THE EDITED PRESS RELEASE: “Asbury Park is the reason. The languid beach community in New Jersey has long been a port-of-call for many a disaffected musician — from Bruce Springsteen at The Stone Pony to countless punk and hardcore festivals at Asbury Lanes and Convention Hall. Against this backdrop of rock and punk history come Beach Rats.
“I had moved to Asbury Park,” recounts guitarist Brian Baker. “And it turned out that Pete (Steinkopf) and Bryan (Kienlen) from the Bouncing Souls were sniffing around and had the idea to do a fun side-band with Ari Katz from Lifetime. They had recently played together at a memorial for Dave Franklin (Vision frontman, R.I.P.) and had a blast.
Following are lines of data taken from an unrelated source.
(* Let $X$ be a binary random variable taking values in $\{x_1,x_2\}\subset\mathbb{R}$ with $\mathbb{E}[X]=0$, let $U$ be a random variable on a finite alphabet $\mathcal{U}$ jointly distributed with $X$, and let $\epsilon\ge0$ be such that $\|P_{X|U=u}-P_X\|_1\le\epsilon$ for all $u\in\mathcal{U}$. Then $\mathrm{MMSE}(X|U)\ge\mathrm{Var}(X)-\frac14\epsilon^2(x_1-x_2)^2$. Furthermore, $\mathrm{Var}(X)\le\frac14(x_1-x_2)^2$, and if $x_1=-x_2$ then $\mathrm{Var}(X)=\frac14(x_1-x_2)^2$.
   Context: $\mathrm{MMSE}(X|U)=\sum_u P_U(u)\left(\mathbb{E}(X^2|U=u)-(\mathbb{E}(X|U=u))^2\right)$. $\|\cdot\|_1$ is the $\ell_1$ norm. *)

From mathcomp Require Import all_boot all_order all_algebra.
Set Implicit Arguments. Unset Strict Implicit. Unset Printing Implicit Defensive.
Import Order.TTheory GRing.Theory Num.Theory.
Local Open Scope ring_scope.

(* The joint pmf is p : U -> bool -> R, p u b = P(U = u, X = xval x1 x2 b);
   label true <-> value x1, label false <-> value x2. *)
Section Defs.
Variables (R : realFieldType) (U : finType).
Variables (p : U -> bool -> R) (x1 x2 : R).

Definition xval (b : bool) : R := if b then x1 else x2.

Definition PU (u : U) : R := \sum_(b : bool) p u b.
Definition PX (b : bool) : R := \sum_(u : U) p u b.

Definition EX : R := \sum_(u : U) \sum_(b : bool) p u b * xval b.
Definition EX2 : R := \sum_(u : U) \sum_(b : bool) p u b * xval b ^+ 2.
Definition VarX : R := EX2 - EX ^+ 2.

(* conditional quantities given U = u (meaningful when PU u > 0) *)
Definition condPX (u : U) (b : bool) : R := p u b / PU u.
Definition condE (u : U) : R := \sum_(b : bool) condPX u b * xval b.
Definition condE2 (u : U) : R := \sum_(b : bool) condPX u b * xval b ^+ 2.

Definition MMSE : R := \sum_(u : U) PU u * (condE2 u - condE u ^+ 2).

Definition l1dist (u : U) : R := \sum_(b : bool) `|condPX u b - PX b|.
End Defs.

(** Write [q = P(X = x1)] and [r u = P(X = x1 | U = u)].  Both [Var(X)] and
    the conditional variances are Bernoulli variances, [q (1 - q) (x1 - x2)^2]
    and [r u (1 - r u) (x1 - x2)^2].  Since
    [r (1 - r) = q (1 - q) + (1 - 2q)(r - q) - (r - q)^2] and the [r u] average
    to [q] under [P_U], the MMSE is [Var(X) - E[(r U - q)^2] (x1 - x2)^2], and
    the hypothesis says exactly [|r u - q| <= eps / 2].  The other two claims
    come from [4 q (1 - q) = 1 - (2 q - 1)^2], where [(2 q - 1) x1 = E[X]] when
    [x2 = - x1]. *)
From mathcomp Require Import all_boot all_order all_algebra.
From mathcomp Require Import ring lra.
Set Implicit Arguments. Unset Strict Implicit. Unset Printing Implicit Defensive.
Import Order.TTheory GRing.Theory Num.Theory.
Local Open Scope ring_scope.

Lemma bernoulli_var (R : comPzRingType) (r x1 x2 : R) :
  r * x1 ^+ 2 + (1 - r) * x2 ^+ 2 - (r * x1 + (1 - r) * x2) ^+ 2
  = r * (1 - r) * (x1 - x2) ^+ 2.
Proof. ring. Qed.

Lemma bernoulli_var_defect (R : comPzRingType) (q x1 x2 : R) :
  4 * (q * (1 - q) * (x1 - x2) ^+ 2)
  = (x1 - x2) ^+ 2 - ((2 * q - 1) * (x1 - x2)) ^+ 2.
Proof. ring. Qed.

Lemma mean_bernoulli_var_ge (R : realFieldType) (I : finType)
    (w r : I -> R) (q d : R) :
  (forall i, 0 <= w i) -> \sum_i w i = 1 -> \sum_i w i * r i = q ->
  (forall i, 0 < w i -> `|r i - q| <= d) ->
  q * (1 - q) - d ^+ 2 <= \sum_i w i * (r i * (1 - r i)).
Proof.
move=> w_ge0 w_sum1 w_mean r_near.
have centered : \sum_i w i * (r i - q) = 0.
  rewrite (eq_bigr _ (fun i _ => mulrBr _ _ _)) sumrB -mulr_suml.
  by rewrite w_sum1 w_mean mul1r subrr.
have spread : \sum_i w i * (r i - q) ^+ 2 <= d ^+ 2.
  rewrite -[d ^+ 2]mul1r -w_sum1 mulr_suml; apply: ler_sum => i _.
  have [w0 | w_neq0] := eqVneq (w i) 0; first by rewrite w0 !mul0r.
  have w_gt0 : 0 < w i by rewrite lt_def w_neq0 w_ge0.
  apply: ler_wpM2l => //; rewrite -real_normK ?num_real //.
  have := r_near i w_gt0; have := normr_ge0 (r i - q); nra.
have -> : \sum_i w i * (r i * (1 - r i))
          = q * (1 - q) * \sum_i w i + (1 - 2 * q) * \sum_i w i * (r i - q)
            - \sum_i w i * (r i - q) ^+ 2.
  by rewrite !mulr_sumr -big_split /= -sumrB; apply: eq_bigr => i _; ring.
by rewrite w_sum1 centered mulr0 addr0 mulr1 lerB.
Qed.

Section BinaryJointDistribution.
Variables (R : realFieldType) (U : finType) (p : U -> bool -> R) (x1 x2 : R).
Hypothesis p_ge0 : forall u b, 0 <= p u b.
Hypothesis p_sum1 : \sum_u \sum_b p u b = 1.

Let q := PX p true.
Let r u := condPX p u true.

Lemma PU_ge0 u : 0 <= PU p u.
Proof. by rewrite /PU big_bool addr_ge0. Qed.

Lemma PX_false : PX p false = 1 - q.
Proof.
have : q + PX p false = 1 by rewrite -p_sum1 exchange_big big_bool.
lra.
Qed.

Lemma PU_condPX u b : PU p u * condPX p u b = p u b.
Proof.
have [PU0 | PU_neq0] := eqVneq (PU p u) 0; last by rewrite mulrC divfK.
have : p u true + p u false = 0 by rewrite -big_bool.
by move: (p_ge0 u true) (p_ge0 u false); rewrite PU0 mul0r; case: b; lra.
Qed.

Lemma condPX_false u : 0 < PU p u -> condPX p u false = 1 - r u.
Proof.
move=> PU_gt0; rewrite /r /condPX -[1](divff (lt0r_neq0 PU_gt0)) -mulrBl.
by congr (_ / _); rewrite /PU big_bool /=; ring.
Qed.

Lemma expectation_bernoulli (f : bool -> R) :
  \sum_u \sum_b p u b * f b = q * f true + (1 - q) * f false.
Proof. by rewrite exchange_big big_bool -!mulr_suml -PX_false. Qed.

Lemma VarX_bernoulli : VarX p x1 x2 = q * (1 - q) * (x1 - x2) ^+ 2.
Proof. by rewrite /VarX /EX2 /EX !expectation_bernoulli bernoulli_var. Qed.

Lemma PU_condVar u :
  PU p u * (condE2 p x1 x2 u - condE p x1 x2 u ^+ 2)
  = PU p u * (r u * (1 - r u)) * (x1 - x2) ^+ 2.
Proof.
have [PU0 | PU_neq0] := eqVneq (PU p u) 0; first by rewrite PU0 !mul0r.
have PU_gt0 : 0 < PU p u by rewrite lt_def PU_neq0 PU_ge0.
by rewrite /condE2 /condE !big_bool /= condPX_false // bernoulli_var !mulrA.
Qed.

Lemma MMSE_bernoulli :
  MMSE p x1 x2 = (\sum_u PU p u * (r u * (1 - r u))) * (x1 - x2) ^+ 2.
Proof. by rewrite /MMSE mulr_suml; apply: eq_bigr => u _; apply: PU_condVar. Qed.

Lemma mean_condPX : \sum_u PU p u * r u = q.
Proof. by apply: eq_bigr => u _; apply: PU_condPX. Qed.

Lemma l1dist_bernoulli u : 0 < PU p u -> l1dist p u = 2 * `|r u - q|.
Proof.
move=> PU_gt0; rewrite /l1dist big_bool /= condPX_false // PX_false.
have -> : 1 - r u - (1 - q) = - (r u - q) by ring.
by rewrite normrN; ring.
Qed.

Lemma MMSE_ge eps : (forall u, 0 < PU p u -> l1dist p u <= eps) ->
  (q * (1 - q) - (eps / 2) ^+ 2) * (x1 - x2) ^+ 2 <= MMSE p x1 x2.
Proof.
move=> l1_le; rewrite MMSE_bernoulli ler_wpM2r ?sqr_ge0 //.
apply: mean_bernoulli_var_ge; [exact: PU_ge0 | exact: p_sum1 | exact: mean_condPX |].
by move=> u PU_gt0; have := l1_le u PU_gt0; rewrite l1dist_bernoulli //; lra.
Qed.

End BinaryJointDistribution.

Theorem proposition9 (R : realFieldType) (U : finType) (p : U -> bool -> R)
  (x1 x2 eps : R) :
  (forall u b, 0 <= p u b) ->
  \sum_(u : U) \sum_(b : bool) p u b = 1 ->
  EX p x1 x2 = 0 ->
  0 <= eps ->
  (forall u, 0 < PU p u -> l1dist p u <= eps) ->
  [/\ VarX p x1 x2 - eps ^+ 2 * (x1 - x2) ^+ 2 / 4 <= MMSE p x1 x2,
      VarX p x1 x2 <= (x1 - x2) ^+ 2 / 4 &
      (x1 = - x2 -> VarX p x1 x2 = (x1 - x2) ^+ 2 / 4)].
Proof.
move=> p_ge0 p_sum1 EX0 _ l1_le.
have defect := bernoulli_var_defect (PX p true) x1 x2.
have MMSE_lb := MMSE_ge x1 x2 p_ge0 p_sum1 l1_le.
rewrite /EX (expectation_bernoulli p_sum1) /= in EX0.
rewrite (VarX_bernoulli x1 x2 p_sum1); split.
- by apply: le_trans MMSE_lb; lra.
- have := sqr_ge0 ((2 * PX p true - 1) * (x1 - x2)); lra.
- move=> x1E; rewrite x1E in EX0 defect *.
  have centered : (2 * PX p true - 1) * (- x2 - x2) = 0.
    by rewrite -(mulr0 2) -EX0; ring.
  rewrite centered expr0n subr0 in defect; lra.
Qed.
(* Assume $K$ is a field and $\tau_{(i)}\neq0$, $\eta_{(i)}\neq-1_K$ for all $i\in\Omega$. Then the following are equivalent: (1) for any $C,D\in\mathcal{I}(\overline{\mathbf{P}})$, $|C|=|D|$ implies $\pi(\Omega,C)=\pi(\Omega,D)$; (2) for any $C,D\in\mathcal{I}(\overline{\mathbf{P}})$, $\pi(\Omega,C)=\pi(\Omega,D)$ if and only if $|C|=|D|$; (3) $\mathbf{P}$ is hierarchical, and for any $u,v\in\Omega$ with $\mathrm{len}(u)=\mathrm{len}(v)$ we have $\eta_{(u)}=\eta_{(v)}$.
   Context: $\Omega$ is a finite set and $\mathbf{P}=(\Omega,\preccurlyeq_{\mathbf{P}})$ a poset; $\overline{\mathbf{P}}$ is its dual poset, and $\mathcal{I}(\overline{\mathbf{P}})$ is the set of ideals of $\overline{\mathbf{P}}$ (up-closed subsets of $\mathbf{P}$). For $Y\subseteq\Omega$: $\max(Y)$ is the set of maximal elements of $Y$ w.r.t. $\preccurlyeq_{\mathbf{P}}$ and $\mathcal{I}(Y)$ is the set of down-closed subsets of $Y$ with the induced order. $\tau,\eta\in K^{\Omega}$. For $D,I\subseteq\Omega$, $\varphi(D,I)=(-1)^{|I\cap D|}\big(\prod_{i\in I-\max(I)}\tau_{(i)}\big)\big(\prod_{i\in\max(I)-D}\eta_{(i)}\big)$ if $I\cap D\subseteq\max(I)$, and $0$ otherwise; for $D\subseteq Y\subseteq\Omega$, $\pi(Y,D)=\sum_{I\in\mathcal{I}(Y)}\varphi(D,I)x^{|I|}\in K[x]$. $\mathrm{len}(y)$ is the largest cardinality of a chain in $\mathbf{P}$ with greatest element $y$; $\mathbf{P}$ is hierarchical if $\mathrm{len}(u)+1\leqslant\mathrm{len}(v)$ implies $u\preccurlyeq_{\mathbf{P}}v$. *)

From HB Require Import structures.
From mathcomp Require Import all_boot all_order all_algebra.
Set Implicit Arguments. Unset Strict Implicit. Unset Printing Implicit Defensive.
Import Order.TTheory GRing.Theory.
Local Open Scope ring_scope.

Section PosetDefs.
Variables (d : Order.disp_t) (T : finPOrderType d).

Definition downclosed_in (Y I : {set T}) : bool :=
  (I \subset Y) && [forall i in I, forall j in Y, (j <= i)%O ==> (j \in I)].

(* ideals of the dual poset: up-closed subsets of Omega *)
Definition upclosed (C : {set T}) : bool :=
  [forall i in C, forall j, (i <= j)%O ==> (j \in C)].

Definition maxs (Y : {set T}) : {set T} :=
  [set i in Y | [forall j in Y, ~~ (i < j)%O]].

Variables (K : fieldType) (tau eta : T -> K).

Definition phi (D I : {set T}) : K :=
  if I :&: D \subset maxs I then
    (-1) ^+ #|I :&: D| * (\prod_(i in I :\: maxs I) tau i)
      * (\prod_(i in maxs I :\: D) eta i)
  else 0.

Definition pi_poly (Y D : {set T}) : {poly K} :=
  \sum_(I : {set T} | downclosed_in Y I) phi D I *: 'X^#|I|.

End PosetDefs.

Section Len.
Variables (d : Order.disp_t) (T : finPOrderType d).

Definition is_chain (C : {set T}) : bool :=
  [forall x in C, forall y in C, (x <= y)%O || (y <= x)%O].

Definition len (y : T) : nat :=
  (\max_(C : {set T} | [&& is_chain C, y \in C & [forall c in C, (c <= y)%O]])
     #|C|)%N.

Definition hierarchical : Prop :=
  forall u v : T, (len u + 1 <= len v)%N -> (u <= v)%O.
End Len.

From HB Require Import structures.
From mathcomp Require Import all_boot all_order all_algebra.
From mathcomp Require Import zify.
Set Implicit Arguments. Unset Strict Implicit. Unset Printing Implicit Defensive.
Import Order.TTheory GRing.Theory.
Local Open Scope ring_scope.

(* Induction on the levels of the poset: strip the set L := mins Y of minimal
   elements of Y.  When every element of L lies below every element of Y \ L
   ([mins_below Y]), an ideal of Y is either a subset of L or L :|: I with I a
   nonempty ideal of Y \ L, which gives
     pi(Y, D) = \prod_(i in L) (1 + etaD D i X)                if D meets L,
     pi(Y, D) = \prod_(i in L) (1 + eta i X)
                + (\prod_(i in L) tau i) X^|L| (pi(Y \ L, D) - 1)   otherwise.
   (1) => (3): the coefficient of X is \sum_(i in L) etaD D i; comparing it for
   suitable up-sets of equal size shows that L lies below Y \ L (as eta <> -1)
   and that eta is constant on L, and cancelling the nonzero factor
   (\prod tau) X^|L| transfers (1) to Y \ L.
   (3) => (2): if eta = e on L, an up-set C meeting L gives
   (1 - X)^|L :&: C| (1 + e X)^|L :\: C|, whose root 1 has multiplicity
   |L :&: C|, and |C| = |Y \ L| + |L :&: C|.  An up-set avoiding L has at most
   |Y \ L| elements, and its polynomial agrees with (1 + e X)^|L| below degree
   |L| + 1, so it cannot have the former shape, which has degree at most |L|
   and vanishes at 1. *)

Section LinearFactors.
Variable K : fieldType.

Lemma prod_lin_subsets (I : finType) (A : {set I}) (g : I -> K) :
  \prod_(i in A) (1 + g i *: 'X) =
  \sum_(S : {set I} | S \subset A) (\prod_(i in S) g i) *: 'X^#|S| :> {poly K}.
Proof.
rewrite big_mkcond [RHS]big_mkcond /=.
rewrite (eq_bigr (fun i => (if i \in A then g i *: 'X else 0) + 1)) => [|i _];
  last by case: ifP; rewrite ?add0r // addrC.
rewrite bigA_distr; apply: eq_bigr => S _; rewrite -big_mkcond /=.
case: ifP => [SA | /subsetPn[i iS iA]]; last by rewrite (bigD1 i) //= (negbTE iA) mul0r.
rewrite (eq_bigr (fun i => g i *: 'X)) => [|i iS]; last by rewrite (subsetP SA).
by rewrite scaler_prod prodr_const.
Qed.

Lemma size_lin_exp (a : K) n : (size ((1 + a *: 'X) ^+ n)%R <= n.+1)%N.
Proof.
have lin : (size (1 + a *: 'X)%R <= 2)%N.
  apply: leq_trans (size_polyD _ _) _; rewrite size_poly1 geq_max /=.
  by apply: leq_trans (size_scale_leq _ _) _; rewrite size_polyX.
by apply: leq_trans (size_poly_exp_leq _ _) _; rewrite ltnS; nia.
Qed.
Lemma alt_poly_root_oppx (B : {set T}) j : j \in B ->
  (B :\ j != set0 -> alt_sum (B :\ j) = 0) -> (alt_poly B).[- x j] = 0.
Proof.
move=> jB IH; rewrite (horner_alt_poly_sq jB) ?sqrrN //.
set Cp := \prod_(k in B :\ j) (x k ^+ 2 - x j ^+ 2 + a *+ 2 * x k * x j).
set Cm := \prod_(k in B :\ j) (x k ^+ 2 - x j ^+ 2 + a *+ 2 * x k * - x j).
rewrite (eq_bigr (fun S : {set T} => (-1) ^+ #|S| * weight (B :\ j) S * (Cp - Cm))).
  rewrite -big_distrl /= -/(alt_sum (B :\ j)).
  have [Bj0|/IH->] := eqVneq (B :\ j) set0; last by rewrite !mul0r mulr0.
  by rewrite /Cp /Cm Bj0 !big_set0 subrr !mulr0.
by move=> S _; congr (_ * (_ - _)); apply: eq_bigr => k _; rewrite ?opprK if_same.
Qed.

Hypothesis x_neq_opp : forall i, x i != - x i.

Lemma alt_poly_eq0 (B : {set T}) :
  (forall j, j \in B -> B :\ j != set0 -> alt_sum (B :\ j) = 0) -> alt_poly B = 0.
Proof.
move=> IH; apply/eqP/negPn/negP => nz.
have x_inj : injective x.
  by move=> k l e; apply: contraTeq isT => /sqx_neq; rewrite e eqxx.
have x_neq_oppx k l : x k != - x l.
  have [<-|kl] := eqVneq k l; first exact: x_neq_opp.
  by apply: contra_neq (sqx_neq kl) => ->; rewrite sqrrN.
pose rs := [seq x k | k <- enum B] ++ [seq - x k | k <- enum B].
have roots : all (root (alt_poly B)) rs.
  rewrite all_cat; apply/andP; split; apply/allP => z /mapP[k]; rewrite mem_enum => kB ->.
    exact/rootP/alt_poly_root_x.
  by apply/rootP/alt_poly_root_oppx/IH.
have uniq_rs : uniq rs.
  rewrite cat_uniq !map_inj_uniq ?enum_uniq ?andbT //=; last by move=> k l /oppr_inj /x_inj.
  apply/hasPn => z /mapP[k _ ->]; apply/mapP => -[l _ e].
  by move: (x_neq_oppx l k); rewrite e eqxx.
have := max_poly_roots nz roots uniq_rs.
by rewrite size_cat !size_map -cardE addnn -mul2n ltnNge size_alt_poly.
Qed.

Lemma alt_sum_eq0 (A : {set T}) : A != set0 -> alt_sum A = 0.
Proof.
elim: {A}_.+1 {-2}A (ltnSn #|A|) => // n IHn A ltAn.
case/set0Pn => m mA; set B := A :\ m.
have ltBn : (#|B| < n)%N by move: ltAn; rewrite (cardsD1 m A) mA.
have /eqP : (alt_poly B).[x m] = 0.
  rewrite alt_poly_eq0 ?horner0 // => j jB; apply: IHn.
  by apply: leq_trans ltBn; rewrite (cardsD1 j B) jB.
rewrite horner_alt_poly_x // mulf_eq0 => /orP[/prodf_eq0[k /setD1P[km _]] | /eqP //].
by rewrite subr_eq0 (negbTE (sqx_neq km)).
Qed.

End AlternatingSum.

Definition set_indicator n (S : {set 'I_n}) : {ffun 'I_n -> 'I_2} :=
  [ffun k => if k \in S then ord_max else ord0].

Lemma set_indicator_bij n : bijective (@set_indicator n).
Proof.
exists (fun l : {ffun 'I_n -> 'I_2} => [set k | l k != ord0]).
  by move=> S; apply/setP => k; rewrite inE ffunE; case: (k \in S).
move=> l; apply/ffunP => k; rewrite ffunE inE.
by case: (l k) => [[|[|m]] lt_m2] //=; apply: val_inj.
Qed.

Lemma sum_set_indicator n (S : {set 'I_n}) :
  (\sum_(k < n) (set_indicator S k : nat))%N = #|S|.
Proof.
by rewrite -sum1_card [RHS]big_mkcond; apply: eq_bigr => k _; rewrite ffunE; case: (k \in S).
Qed.

Lemma prod_set_indicator (F : fieldType) n (a : F) (x : 'I_n -> F)
    (c : 'I_n -> 'I_n -> F) (S : {set 'I_n}) :
  (forall i j : 'I_n, (i < j)%N -> c i j = coupling a x i j) ->
  \prod_(i < n) \prod_(j < n | (i < j)%N)
     (1 + ((set_indicator S i : nat)%:R - (set_indicator S j : nat)%:R) * c i j) =
  weight a x [set: 'I_n] S.
Proof.
move=> c_coupling; rewrite /weight (eq_bigl _ _ (@in_setT _)).
under eq_bigr do rewrite (eq_bigl _ _ (@in_setT _)).
rewrite prod_ord_pairs => [|i]; last by case: (i \in S).
apply: eq_bigr => i _; apply: eq_bigr => j ij; rewrite c_coupling // coupling_antisym !ffunE.
by case: (i \in S); case: (j \in S) => /=; ring.
Qed.

Lemma sum_ffun_alt_sum (F : fieldType) n (a : F) (x : 'I_n -> F)
    (c : 'I_n -> 'I_n -> F) :
  (forall i j : 'I_n, (i < j)%N -> c i j = coupling a x i j) ->
  \sum_(l : {ffun 'I_n -> 'I_2})
     (-1) ^+ (\sum_(k < n) (l k : nat))%N *
     \prod_(i < n) \prod_(j < n | (i < j)%N)
        (1 + ((l i : nat)%:R - (l j : nat)%:R) * c i j) =
  alt_sum a x [set: 'I_n].
Proof.
move=> c_coupling; rewrite (reindex _ (onW_bij _ (@set_indicator_bij n))) /alt_sum.
under [RHS]eq_bigl do rewrite subsetT.
by apply: eq_bigr => S _; rewrite sum_set_indicator (prod_set_indicator _ c_coupling).
Qed.

Lemma sinh_sub_mul_exp (u v : R) :
  sinh (u - v) * (exp u * exp v *+ 2) = exp u ^+ 2 - exp v ^+ 2.
Proof.
have exp_neq0 w : exp w != 0 by apply/eqP/Rgt_not_eq/exp_pos.
have exp_sub w w' : exp (w - w') = exp w / exp w' by rewrite exp_plus exp_Ropp.
have sinhE w : sinh w = (exp w - exp (- w)) / 2 by [].
by rewrite sinhE Ropp_minus_distr !exp_sub; field; rewrite !exp_neq0.
Qed.

Local Open Scope complex_scope.
Unset Implicit Arguments.

Theorem lemma1 (nu : R) (n : nat) (hn : (1 <= n)%N)
    (p_n : ('I_n -> R) -> R[i]) (theta : 'I_n -> R)
    (hdist : forall i j : 'I_n, i != j -> theta i <> theta j) :
  \sum_(l : {ffun 'I_n -> 'I_2})
     (-1) ^+ (\sum_(k < n) (l k : nat))%N *
     (\prod_(i < n) \prod_(j < n | (i < j)%N)
        (1 + ((l i : nat)%:R - (l j : nat)%:R) *
             ('i * (sin (PI * nu))%:C / (sinh (theta_ij theta i j))%:C)))
     * p_n theta
  = 0.
Proof.
pose x k : R[i] := (exp (theta k))%:C.
have exp_gt0 k : 0 < exp (theta k) by apply/RltP/exp_pos.
have sqx_neq i j : i != j -> x i ^+ 2 != x j ^+ 2.
  move=> /hdist ij; rewrite /x -!rmorphXn (inj_eq (@complexI _)) eqrXn2 ?ltW //.
  by apply/eqP => /exp_inv.
have x_neq0 k : x k != 0 by rewrite fmorph_eq0 gt_eqF.
have x_neq_opp k : x k != - x k.
  by rewrite /x -rmorphN (inj_eq (@complexI _)) (gt_eqF (gtrN (exp_gt0 k))).
have sinh_x i j : (sinh (theta_ij theta i j))%:C * (x i * x j *+ 2) = x i ^+ 2 - x j ^+ 2.
  rewrite /x -rmorphM -rmorphMn -rmorphM -!rmorphXn -rmorphB; congr _%:C.
  exact: sinh_sub_mul_exp.
rewrite -big_distrl /= (sum_ffun_alt_sum (a := 'i * (sin (PI * nu))%:C) (x := x)
  (c := fun i j => 'i * (sin (PI * nu))%:C / (sinh (theta_ij theta i j))%:C)) => [|i j ij].
  by rewrite alt_sum_eq0 ?mul0r //; apply/set0Pn; exists (Ordinal hn).
have : x i ^+ 2 - x j ^+ 2 != 0 by rewrite subr_eq0 sqx_neq // neq_ltn ij.
rewrite -sinh_x mulf_eq0 negb_or => /andP[s0 _].
by rewrite /coupling -sinh_x; field; rewrite s0 !x_neq0.
Qed.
That was the foundation of it. Like most of my career, I walked into a pre-existing situation, ready to go. They were talking about it and I was immediately like, ‘I want to be in a band! Bands are great, let’s go!”
With a membership that includes four impossible-to-avoid New Jersey punk stalwarts (rounded out by Danny Windas, AKA “Dubs” on drums) and Baker, an architect of American hardcore, the common denominator for Beach Rats was simple. “We all live at the beach and everybody goes to the beach when they’re not working,” says Brian. “There’s a vibe. Being a year-round beach person, seeing the town empty out at the end of summer, there’s definitely a bond. We all see each other all the time. We’re friends and we enjoy getting together and creating stuff on the fly.”
“It’s a mix of the Jersey Shore thing and a bunch of guys that can endlessly create ’80s hardcore riffs because we were there,” states Bryan Kienlen. “You’re gonna get authentic punk and hardcore from Beach Rats because we are all from the ’80s. It’s literally taking it back to some of our biggest influences like Negative Approach and Poison Idea, And of course, Minor Threat.”
For Baker, largely known for his two-decade-plus stint in Los Angeles punk institution Bad Religion, as well as a career that reaches back to his teenage years in Minor Threat, the goal was simple. “We were going to write songs like we did before we knew how to write songs,” he explains. “You get into a practice room with no agenda and you start fucking around and a chord progression becomes the verse. Then comes the chorus, the breakdown. Then, maybe a weird part. That’s it. For me and the Souls guys, the idea is to write and play like we did when we were kids.”
“The coolest part about Beach Rats is that we’re guys in our late 40s and early 50s writing songs with the same spirit we had as teenagers,” adds Pete Steinkopf. “No one’s ideas are more important than anyone else’s. Whoever has the coolest idea first starts the song. Then, whoever has the second-coolest idea gets the next part and then the song is done.”
It was with that sense of wanderlust and complete spontaneity, Beach Rats recorded their 2018 EP Wasted Time at Asbury’s Lakehouse Studios. They plugged in and were done in a matter of hours. “We set up and played together with Ari in the booth singing what ended up being keeper tracks,” Baker recounts of Beach Rats’ inaugural recording session and raison d’ etre. “There’s no point in laboring over this shit — just get going.” It was that same energy that marked the handful of 15-minute-tops, five-song live sets that Beach Rats were able to charge through between Bouncing Souls and Bad Religion commitments and the world clampdown of 2020 and Covid-19.
Flash-forward to 2021 and the recording of Beach Rats’ first full-length album and Epitaph debut, Rat Beat. Tracked by Eric Bennett at Lakehouse in one day, its 12 blasts of unkempt energy and roughshod melody from some of punk’s most accomplished players. “We had the luxury of time — and I’m lucky that I have a pretty big basement,” Baker recounts. “The only thing we could actually do was rehearse. We’d go down in the basement, put on masks, open the windows and we could play — within CDC guidelines! We couldn’t go to dinner at each other’s houses but we could practice.”
From the kickoff of Bikes Out and Dress for Sick Sesh to the roughshod melodicism of Clorox Boys or Heavy Conversation, Rat Beat is an in-the moment snapshot of the five members’ distinct styles with no self-editing or second guessing. “The song Summer’s End’sums up a lot of what was going on for us when we were recording,” admits Katz. “It was the end of the season which coincided with a lot of things that were ending in my life. It was fun to weave in that kind of imagery. Closing the beach, the town, switching over from the summer people to the faces you see in the winter and how that mirrors what was going on personally. In that sort of in-the-moment-ness of Beach Rats, there’s an undeniable honesty.”
Don’t call it an all-star band or have any illusion that Beach Rats is anything more than five punk rock lifers in an Asbury Park basement making a riot of their own. “It’s loose, it’s imperfect, don’t overthink it,” says Baker. “It’s the experience of doing it. The time travel, that’s what it’s about.”